Rechtsanwältin Karin Plewe


Ich (män., 42J, ledig) lebe derzeit im OG des Einfamilienhauses meiner Eltern (EFH: Bj.: 1970, Grundstück 700qm, Wert ca. 150000 €, das Gebäude ist im Grundbuch für eine andere Immbobilie von mir, als Sicherheit für meine Bank, belastet. Ansonsten liegen keine Schulden vor).

Mein Vater (71J.) leidet seit ca. 4 Jahren unter einer Frontotemporalen Demenz (FTD) und befindet sich tagsüber in Pflege (Pflegestufe 2), die Gelder aus der Pflegekasse und Rente decken derzeit den aktuelle Bedarf zur Tagespflege ab; meine Mutter (67J.) ist gesund. Die Netto-Rente von meinem Vater beläut sich auf ca. 700 €, die von meiner Mutter auf 950 € - weiteres signifikantes Vermögen, ausser einem PKW, ist nicht vorhanden. Ausserdem habe ich eine verheiratete Schwester (47J.), die ausserhalb lebt.

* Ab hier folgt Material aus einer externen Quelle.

(* In the one-parameter family of $SU(2)$-invariant hyperKähler structures on the non-zero nilpotent orbit $\mathcal O\subset\mathfrak{sl}(2,\mathbb C)$ with complex symplectic form $k^2\omega_c^{\mathcal O}$ and Kähler potential $\rho$ satisfying $\rho'(\eta)=\frac1\eta\sqrt{k^2\eta+c}$ ($c\ge0$), the Kähler potential $\rho$ is a hyperKähler potential if and only if $c=0$. In that case, up to an additive constant, $\rho=2k\sqrt\eta$, and $\rho(te)=4k^2t$ for $t>0$.
   Context: $\langle\cdot,\cdot\rangle_{\mathfrak{sl}(2)}$ is the negative Killing form of $\mathfrak{sl}(2,\mathbb C)$, $\sigma(X)=-\bar X^T$, $\eta(X)=k^2\langle X,\sigma X\rangle_{\mathfrak{sl}(2)}$, $e=\begin{pmatrix}0&1\\0&0\end{pmatrix}$. $\xi_A=[A,X]$, $I\xi_A=\xi_{iA}$, $\omega_c^{\mathcal O}(\xi_A,\xi_B)_X=\langle X,[A,B]\rangle_{\mathfrak{sl}(2)}$, and the complex symplectic form is $\omega_J+i\omega_K=k^2\omega_c^{\mathcal O}$. A hyperKähler potential is a function $\rho$ that is simultaneously a Kähler potential for $I$, $J$ and $K$, i.e. $\omega_L=-\tfrac12 dLd\rho$ for $L=I,J,K$ (with $(L\alpha)(Y)=-\alpha(LY)$). *)

From Stdlib Require Import Reals ClassicalEpsilon.
From Coquelicot Require Import Coquelicot.
Open Scope R_scope.

Record M2 := mkM2 { m11 : C; m12 : C; m21 : C; m22 : C }.

Definition mzero : M2 := mkM2 (RtoC 0) (RtoC 0) (RtoC 0) (RtoC 0).
Definition mone  : M2 := mkM2 (RtoC 1) (RtoC 0) (RtoC 0) (RtoC 1).
Definition madd (X Y : M2) : M2 :=
  mkM2 (Cplus (m11 X) (m11 Y)) (Cplus (m12 X) (m12 Y))
       (Cplus (m21 X) (m21 Y)) (Cplus (m22 X) (m22 Y)).
Definition mscal (a : C) (X : M2) : M2 :=
  mkM2 (Cmult a (m11 X)) (Cmult a (m12 X)) (Cmult a (m21 X)) (Cmult a (m22 X)).
Definition mopp (X : M2) : M2 := mscal (RtoC (-1)) X.
Definition msub (X Y : M2) : M2 := madd X (mopp Y).
Definition mmul (X Y : M2) : M2 :=
  mkM2 (Cplus (Cmult (m11 X) (m11 Y)) (Cmult (m12 X) (m21 Y)))
       (Cplus (Cmult (m11 X) (m12 Y)) (Cmult (m12 X) (m22 Y)))
       (Cplus (Cmult (m21 X) (m11 Y)) (Cmult (m22 X) (m21 Y)))
       (Cplus (Cmult (m21 X) (m12 Y)) (Cmult (m22 X) (m22 Y))).
Definition mtr (X : M2) : C := Cplus (m11 X) (m22 X).
Definition mdet (X : M2) : C :=
  Cminus (Cmult (m11 X) (m22 X)) (Cmult (m12 X) (m21 X)).
(* inverse via adjugate (meaningful when det <> 0) *)
Definition minv (X : M2) : M2 :=
  mscal (Cinv (mdet X)) (mkM2 (m22 X) (Copp (m12 X)) (Copp (m21 X)) (m11 X)).
Definition mconjT (X : M2) : M2 :=
  mkM2 (Cconj (m11 X)) (Cconj (m21 X)) (Cconj (m12 X)) (Cconj (m22 X)).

Da das Haus saniert werden müsste, meine Eltern aber nur wenig Bar-Mittel haben, würde ich gerne im Rahmen einer Aufstockung (Einrichtung einer getrennten Wohnung für mich im OG) ca. 150.000 € in die Immobilie investieren. Da meine Eltern, jeder zur Hälfte als Besitzer im Grundbuch eingetragen sind und meine Schwester (gemeinsam mit mir) bei deren Tod erben würde, suche ich nach einer Lösung, die mir mein Investment sowohl erbrechtlich (gegenüber meiner Schwester) als auch sozialrechtlich (gegenüber dem Sozialamt) schützt. *Es wäre denkbar, dass sich die Situation meines Vaters verschlechtert, sodass er stationär gepflegt werden müßte und die vorhandenen Gelder dann nicht mehr ausreichen - was die Inanspruchnahme der Sozialhilfe zur Konsequenz hätte.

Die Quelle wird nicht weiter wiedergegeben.